— Dataset content —
(* Let $Y$ be a solid vector space and $(X,d)$ a cone metric space over $Y$. Suppose $(x_n)_{n\ge0}$ is a sequence in $X$ with $d(x_n,x_m)\preceq b_n$ for all $n,m\ge0$ with $m\ge n$, where $(b_n)$ is a sequence in $Y$ with $b_n\to0$. Then: (i) $(x_n)$ is a Cauchy sequence in $X$; (ii) if $(x_n)$ converges to a point $x\in X$, then $d(x_n,x)\preceq b_n$ for all $n\ge0$.
   Context: Vector space with convergence: a real vector space $Y$ with a relation $\to$ between sequences in $Y$ and points of $Y$ (uniqueness of limits not assumed) such that (C1) $x_n\to x$, $y_n\to y$ imply $x_n+y_n\to x+y$; (C2) $x_n\to x$, $\lambda\in\mathbb R$ imply $\lambda x_n\to\lambda x$; (C3) $\lambda_n\to\lambda$ in $\mathbb R$ imply $\lambda_n x\to\lambda x$. $A\subseteq Y$ is open if $x_n\to x\in A$ implies $x_n\in A$ for all but finitely many $n$; closed if $x_n\to x$, $x_n\in A$ $\forall n$ imply $x\in A$; $A^\circ$ is the union of all open subsets of $A$. A cone is a nonempty closed $K$ with $\lambda K\subseteq K$ ($\lambda\ge0$), $K+K\subseteq K$, $K\cap(-K)=\{0\}$; solid if $K\ne\{0\}$, $K^\circ\ne\emptyset$. A vector ordering is a partial order $\preceq$ with (V1) $x\preceq y\Rightarrow x+z\preceq y+z$; (V2) $\lambda\ge0$, $x\preceq y\Rightarrow\lambda x\preceq\lambda y$; (V3) $x_n\to x$, $y_n\to y$, $x_n\preceq y_n$ $\forall n\Rightarrow x\preceq y$. Solid vector space: positive cone $K=\{x:x\succeq0\}$ solid, with $x\prec y$ iff $y-x\in K^\circ$. Cone metric space over $Y$: nonempty $X$ with $d\colon X\times X\to Y$, $d(x,y)\succeq0$, $d(x,y)=0$ iff $x=y$, $d(x,y)=d(y,x)$, $d(x,y)\preceq d(x,z)+d(z,y)$. Convergence in $X$: $x_n\to x$ iff for every $c\succ0$, $d(x_n,x)\prec c$ for all but finitely many $n$. Cauchy: for every $c\succ0$ there is $N$ with $d(x_n,x_m)\prec c$ for all $n,m>N$. *)

From HB Require Import structures.
From mathcomp Require Import all_boot all_order all_algebra.
From mathcomp Require Import reals.
Set Implicit Arguments. Unset Strict Implicit. Unset Printing Implicit Defensive.
Import Order.TTheory GRing.Theory Num.Theory.
Local Open Scope ring_scope.

Section VSConv.
Variables (R : realType) (Y : lmodType R).

Definition rconv (lam : nat -> R) (l : R) : Prop :=
  forall e : R, 0 < e -> exists N : nat, forall n, (N <= n)%N -> `|lam n - l| < e.

Definition is_vsconv (conv : (nat -> Y) -> Y -> Prop) : Prop :=
  [/\ (forall xs ys x y, conv xs x -> conv ys y -> conv (fun n => xs n + ys n) (x + y)),
      (forall xs x (l : R), conv xs x -> conv (fun n => l *: xs n) (l *: x)) &
      (forall (lam : nat -> R) l x, rconv lam l -> conv (fun n => lam n *: x) (l *: x))].

Variable conv : (nat -> Y) -> Y -> Prop.

Definition is_open (A : Y -> Prop) : Prop :=
  forall xs x, conv xs x -> A x -> exists N : nat, forall n, (N <= n)%N -> A (xs n).

Definition is_closed (A : Y -> Prop) : Prop :=
  forall xs x, conv xs x -> (forall n, A (xs n)) -> A x.

Definition interior (A : Y -> Prop) : Y -> Prop :=
  fun x => exists U : Y -> Prop, [/\ is_open U, (forall y, U y -> A y) & U x].

Definition is_cone (K : Y -> Prop) : Prop :=
  [/\ (exists x, K x), is_closed K,
      (forall (l : R) x, 0 <= l -> K x -> K (l *: x)),
      (forall x y, K x -> K y -> K (x + y)) &
      (forall x, K x -> K (- x) -> x = 0)].

Definition is_solid_cone (K : Y -> Prop) : Prop :=
  [/\ is_cone K, (exists x, K x /\ x <> 0) & (exists x, interior K x)].

Definition is_vector_ordering (le : Y -> Y -> Prop) : Prop :=
  [/\ [/\ (forall x, le x x),
          (forall x y, le x y -> le y x -> x = y) &
          (forall x y z, le x y -> le y z -> le x z)],
      (forall x y z, le x y -> le (x + z) (y + z)),
      (forall (l : R) x y, 0 <= l -> le x y -> le (l *: x) (l *: y)) &
      (forall xs ys x y, conv xs x -> conv ys y -> (forall n, le (xs n) (ys n)) -> le x y)].

Definition pos_cone (le : Y -> Y -> Prop) : Y -> Prop := fun x => le 0 x.

Definition is_solid_vspace (le : Y -> Y -> Prop) : Prop :=
  [/\ is_vsconv conv, is_vector_ordering le & is_solid_cone (pos_cone le)].

Definition slt (le : Y -> Y -> Prop) (x y : Y) : Prop :=
  interior (pos_cone le) (y - x).

Section ConeMetric.
Variables (le : Y -> Y -> Prop) (X : Type) (d : X -> X -> Y).

Definition is_cone_metric : Prop :=
  [/\ (forall x y, le 0 (d x y)),
      (forall x y, d x y = 0 <-> x = y),
      (forall x y, d x y = d y x) &
      (forall x y z, le (d x y) (d x z + d z y))].

Definition cm_conv (xs : nat -> X) (x : X) : Prop :=
  forall c, slt le 0 c -> exists N : nat, forall n, (N <= n)%N -> slt le (d (xs n) x) c.

Definition cm_cauchy (xs : nat -> X) : Prop :=
  forall c, slt le 0 c -> exists N : nat, forall n m, (N < n)%N -> (N < m)%N ->
    slt le (d (xs n) (xs m)) c.
End ConeMetric.
End VSConv.

(* (i) Beyond an index where b_n is strictly below a given c >> 0, every d(x_n, x_m) is
   below c, since c - d(x_n, x_m) = (c - b_n) + (b_n - d(x_n, x_m)) is an interior point
   plus a cone point.  (ii) For c >> 0 and m large, d(x_n, x) <= d(x_n, x_m) + d(x_m, x)
   <= b_n + c; taking c = c0/(k+1) for a fixed interior c0 and letting k -> oo, the
   closedness axiom (V3) of the ordering gives d(x_n, x) <= b_n. *)
From mathcomp Require Import all_boot all_order all_algebra.
From mathcomp Require Import reals.
Import Order.TTheory GRing.Theory Num.Theory.
Set Implicit Arguments. Unset Strict Implicit.
Local Open Scope ring_scope.

Lemma rconv_invSn (R : realType) : rconv (fun k : nat => (k.+1%:R : R)^-1) 0.
Proof.
move=> e e_gt0; exists (Num.Def.archi_bound e^-1) => n Nn.
have /archi_boundP bound_gt : 0 <= e^-1 by rewrite invr_ge0 ltW.
rewrite subr0 ger0_norm ?invr_ge0 ?ler0n //.
rewrite -(invrK e) ltf_pV2 ?posrE ?ltr0Sn ?invr_gt0 //.
by apply: (lt_le_trans bound_gt); rewrite ler_nat (leq_trans Nn).
Qed.

Section SolidVectorSpace.
Variables (R : realType) (Y : lmodType R)
  (conv : (nat -> Y) -> Y -> Prop) (le : Y -> Y -> Prop).
Hypothesis HY : is_solid_vspace conv le.

Let K := pos_cone le.

Lemma conv_add xs ys x y :
  conv xs x -> conv ys y -> conv (fun n => xs n + ys n) (x + y).
Proof. by case: HY => [[C1 _ _] _ _]; apply: C1. Qed.

Lemma conv_scale xs x (l : R) : conv xs x -> conv (fun n => l *: xs n) (l *: x).
Proof. by case: HY => [[_ C2 _] _ _]; apply: C2. Qed.

Lemma conv_scalel (lam : nat -> R) l x :
  rconv lam l -> conv (fun n => lam n *: x) (l *: x).
Proof. by case: HY => [[_ _ C3] _ _]; apply: C3. Qed.

Lemma conv_cst c : conv (fun _ => c) c.
Proof.
have one_cvg : rconv (fun _ : nat => 1 : R) 1.
  by move=> e e_gt0; exists 0%N => n _; rewrite subrr normr0.
by have := conv_scalel c one_cvg; rewrite scale1r.
Qed.

Lemma vle_trans x y z : le x y -> le y z -> le x z.
Proof. by case: HY => [_ [[_ _ tr] _ _ _] _]; apply: tr. Qed.

Lemma vle_closed xs ys x y :
  conv xs x -> conv ys y -> (forall n, le (xs n) (ys n)) -> le x y.
Proof. by case: HY => [_ [_ _ _ V3] _]; apply: V3. Qed.

Lemma vleE x y : le x y <-> K (y - x).
Proof.
case: HY => [_ [_ V1 _ _] _]; split => [/(V1 _ _ (- x))|/(V1 _ _ x)].
  by rewrite subrr.
by rewrite add0r subrK.
Qed.

Lemma pos_add x y : K x -> K y -> K (x + y).
Proof. by case: HY => [_ _ [[_ _ _ Kadd _] _ _]]; apply: Kadd. Qed.

Lemma pos_scale (l : R) x : 0 <= l -> K x -> K (l *: x).
Proof. by case: HY => [_ _ [[_ _ Kscale _ _] _ _]]; apply: Kscale. Qed.

Lemma vleD x1 x2 y1 y2 : le x1 y1 -> le x2 y2 -> le (x1 + x2) (y1 + y2).
Proof.
move=> /vleE K1 /vleE K2; apply/vleE.
by rewrite opprD addrACA; apply: pos_add.
Qed.

Lemma interior_pos u : interior conv K u -> K u.
Proof. by case=> U [_ UK Uu]; apply: UK. Qed.

Lemma interior_addr_pos u k : interior conv K u -> K k -> interior conv K (u + k).
Proof.
case=> U [U_open UK Uu] Kk; exists (fun y => U (y - k)); split.
- move=> ys y ys_y Uy.
  by apply: U_open Uy; apply: conv_add ys_y (conv_cst (- k)).
- by move=> y /UK Ky; rewrite -(subrK k y); apply: pos_add.
- by rewrite addrK.
Qed.

Lemma interior_scale (t : R) u : 0 < t -> interior conv K u -> interior conv K (t *: u).
Proof.
move=> t_gt0 [U [U_open UK Uu]]; have t_neq0 : t != 0 by rewrite gt_eqF.
exists (fun y => U (t^-1 *: y)); split.
- by move=> ys y /(conv_scale t^-1) ys_y Uy; apply: U_open Uy.
- move=> y /UK /(pos_scale (ltW t_gt0)).
  by rewrite scalerA divff // scale1r.
- by rewrite scalerA mulVf // scale1r.
Qed.

Lemma interior_sub_eventually c ys : interior conv K c -> conv ys 0 ->
  exists N, forall n, (N <= n)%N -> interior conv K (c - ys n).
Proof.
move=> [U [U_open UK Uc]] ys_0.
have c_sub : conv (fun n => c + (-1) *: ys n) (c + (-1) *: 0).
  by apply: conv_add; [apply: conv_cst | apply: conv_scale].
rewrite scaler0 addr0 in c_sub.
have [N UN] := U_open _ _ c_sub Uc; exists N => n Nn.
by exists U; split => //; rewrite -scaleN1r; apply: UN.
Qed.

(* A solid cone makes [le] "archimedean": slack by arbitrarily small interior points
   can be removed. *)
Lemma vle_of_le_add_interior a e :
  (forall c, interior conv K c -> le a (e + c)) -> le a e.
Proof.
case: HY => [_ _ [_ _ [c0 c0_int]]] a_le.
pose cs k := (k.+1%:R : R)^-1 *: c0.
have cs_0 : conv cs 0 by rewrite -(scale0r c0); apply: conv_scalel; apply: rconv_invSn.
apply: (vle_closed (conv_cst a) (ys := fun k => e + cs k)).
  by rewrite -[X in conv _ X]addr0; apply: conv_add cs_0; apply: conv_cst.
by move=> k; apply/a_le/interior_scale => //; rewrite invr_gt0 ltr0Sn.
Qed.

Section DominatedSequence.
Variables (X : Type) (d : X -> X -> Y).
Hypothesis Hd : is_cone_metric le d.
Variables (xs : nat -> X) (b : nat -> Y).
Hypothesis xs_dominated : forall n m : nat, (n <= m)%N -> le (d (xs n) (xs m)) (b n).
Hypothesis b_0 : conv b 0.

Lemma cm_cauchy_dominated : cm_cauchy conv le d xs.
Proof.
case: Hd => [_ _ d_sym _] c; rewrite /slt subr0 => c_int.
have [N b_small] := interior_sub_eventually c_int b_0.
have near_le : forall n m, (N < n)%N -> (n <= m)%N ->
    interior conv K (c - d (xs n) (xs m)).
  move=> n m Nn nm; rewrite -(subrK (b n) c) -addrA.
  apply: interior_addr_pos; first exact/b_small/ltnW.
  by have /vleE := xs_dominated nm.
exists N => n m Nn Nm; rewrite /slt.
by case: (leqP n m) => [|/ltnW] nm; [|rewrite d_sym]; apply: near_le.
Qed.

Lemma cm_conv_dominated x : cm_conv conv le d xs x -> forall n, le (d (xs n) x) (b n).
Proof.
case: Hd => [_ _ _ d_tri] xs_x n; apply: vle_of_le_add_interior => c c_int.
have [N d_small] : exists N, forall m, (N <= m)%N -> slt conv le (d (xs m) x) c.
  by apply: xs_x; rewrite /slt subr0.
pose m := maxn N n.
have d_le_c : le (d (xs m) x) c by apply/vleE/interior_pos/d_small/leq_maxl.
apply: vle_trans (d_tri _ _ (xs m)) _.
by apply: vleD d_le_c; apply/xs_dominated/leq_maxr.
Qed.

End DominatedSequence.
End SolidVectorSpace.

Theorem theorem9p20 (R : realType) (Y : lmodType R)
  (conv : (nat -> Y) -> Y -> Prop) (le : Y -> Y -> Prop)
  (HY : is_solid_vspace conv le)
  (X : Type) (d : X -> X -> Y) (Hd : is_cone_metric le d)
  (xs : nat -> X) (b : nat -> Y)
  (Hb : forall n m : nat, (n <= m)%N -> le (d (xs n) (xs m)) (b n))
  (Hb0 : conv b 0) :
  cm_cauchy conv le d xs /\
  (forall x : X, cm_conv conv le d xs x -> forall n : nat, le (d (xs n) x) (b n)).
Proof.
split; first exact: (cm_cauchy_dominated HY Hd Hb Hb0).
by move=> x; apply: (cm_conv_dominated HY Hd Hb).
Qed.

— How to complete this task —
Isolate each line of the listing above that includes "Hypothesis". Copy it.

— Result of this exercise —
Hypothesis HY : is_solid_vspace conv le.
Hypothesis Hd : is_cone_metric le d.
Hypothesis xs_dominated : forall n m : nat, (n <= m)%N -> le (d (xs n) (xs m)) (b n).
Hypothesis b_0 : conv b 0.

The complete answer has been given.